*** Block opens ***
(* Let $\mathcal{U}$ be a strict Fraïssé class, let $\mathbf{T}\in\overline{\mathcal{U}}$, and let $\mathcal{C}\subseteq\mathcal{U}$ be a Fraïssé class that is free in $\mathcal{U}$. Then there exists a universal homogeneous homomorphism $u:\mathbf{U}\to\mathbf{T}$ within $\overline{\mathcal{C}}$. Moreover, if $\hat u:\hat{\mathbf{U}}\to\mathbf{T}$ is another universal homogeneous homomorphism to $\mathbf{T}$ within $\overline{\mathcal{C}}$, then there is an isomorphism $h:\hat{\mathbf{U}}\to\mathbf{U}$ with $\hat u=u\circ h$.
   Context: Structures are first-order structures over a signature with arbitrarily many relation symbols and countably many function and constant symbols; an embedding is an injective homomorphism that also reflects all relations. An age is a class of finitely generated structures of one signature with countably many isomorphism types, closed under (isomorphic copies of) finitely generated substructures, and with the joint embedding property (any two members embed into a common member). For an age $\mathcal{C}$, $\overline{\mathcal{C}}$ is the class of all countable structures all of whose finitely generated substructures are isomorphic to members of $\mathcal{C}$. A Fraïssé class is an age with the amalgamation property (for embeddings $f_i:\mathbf{A}\hookrightarrow\mathbf{B}_i$ in $\mathcal{C}$ there are $\mathbf{C}\in\mathcal{C}$ and embeddings $g_i:\mathbf{B}_i\hookrightarrow\mathbf{C}$ with $g_1f_1=g_2f_2$). A Fraïssé class $\mathcal{U}$ is strict if for all $\mathbf{A},\mathbf{B}_1,\mathbf{B}_2\in\mathcal{U}$ and embeddings $f_i:\mathbf{A}\hookrightarrow\mathbf{B}_i$ there are $\mathbf{C}\in\mathcal{U}$ and homomorphisms $g_i:\mathbf{B}_i\to\mathbf{C}$ such that $(\mathbf{C},(g_1,g_2))$ is a pushout of $f_1,f_2$ in the category of structures in $\overline{\mathcal{U}}$ with all homomorphisms (such a pushout is called the canonical amalgam). A Fraïssé class $\mathcal{C}\subseteq\mathcal{U}$ is free in $\mathcal{U}$ if it is closed under these canonical amalgams in $\mathcal{U}$. For $\mathbf{U}\in\overline{\mathcal{C}}$ and a countable structure $\mathbf{T}$, a homomorphism $u:\mathbf{U}\to\mathbf{T}$ is universal within $\overline{\mathcal{C}}$ if for every $\mathbf{A}\in\overline{\mathcal{C}}$ and homomorphism $h:\mathbf{A}\to\mathbf{T}$ there is an embedding $\iota:\mathbf{A}\hookrightarrow\mathbf{U}$ with $h=u\circ\iota$; it is homogeneous if for every finitely generated substructure $\mathbf{A}\le\mathbf{U}$ and every embedding $\iota:\mathbf{A}\hookrightarrow\mathbf{U}$ with $u\circ\iota=u\restriction_A$ there is an automorphism $\alpha$ of $\mathbf{U}$ with $u\circ\alpha=u$ and $\alpha\restriction_A=\iota$. *)

From mathcomp Require Import ssreflect ssrfun ssrbool eqtype ssrnat fintype.
Set Implicit Arguments. Unset Strict Implicit. Unset Printing Implicit Defensive.

(* A first-order signature: arbitrarily many relation symbols, countably many
   function symbols (constants = 0-ary function symbols). *)
Record Signature := {
  RelSym : Type;
  FunSym : Type;
  rel_ar : RelSym -> nat;
  fun_ar : FunSym -> nat;
  funsym_countable : exists c : FunSym -> nat, injective c }.

Record Structure (L : Signature) := {
  carrier :> Type;
  srel : forall r : RelSym L, ('I_(rel_ar r) -> carrier) -> Prop;
  sfun : forall f : FunSym L, ('I_(fun_ar f) -> carrier) -> carrier }.

Arguments srel {L} s r _.
Arguments sfun {L} s f _.

Section FO.
Context {L : Signature}.

Definition is_hom (A B : Structure L) (h : A -> B) : Prop :=
  (forall f xs, h (sfun A f xs) = sfun B f (fun i => h (xs i))) /\
  (forall r xs, srel A r xs -> srel B r (fun i => h (xs i))).

Definition is_emb (A B : Structure L) (h : A -> B) : Prop :=
  is_hom h /\ injective h /\
  (forall r xs, srel B r (fun i => h (xs i)) -> srel A r xs).

Definition is_iso (A B : Structure L) (h : A -> B) : Prop :=
  is_emb h /\ (forall y, exists x, h x = y).

Definition isomorphic (A B : Structure L) : Prop := exists h : A -> B, is_iso h.

Definition countable (A : Structure L) : Prop := exists c : A -> nat, injective c.

Definition closed (A : Structure L) (P : A -> Prop) : Prop :=
  forall f (xs : 'I_(fun_ar f) -> A), (forall i, P (xs i)) -> P (sfun A f xs).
*** Block closes ***
Work task –
When a line in the data contains the string "Record", copy that line.

Solution to the exercise –
Record Signature := {
Record Structure (L : Signature) := {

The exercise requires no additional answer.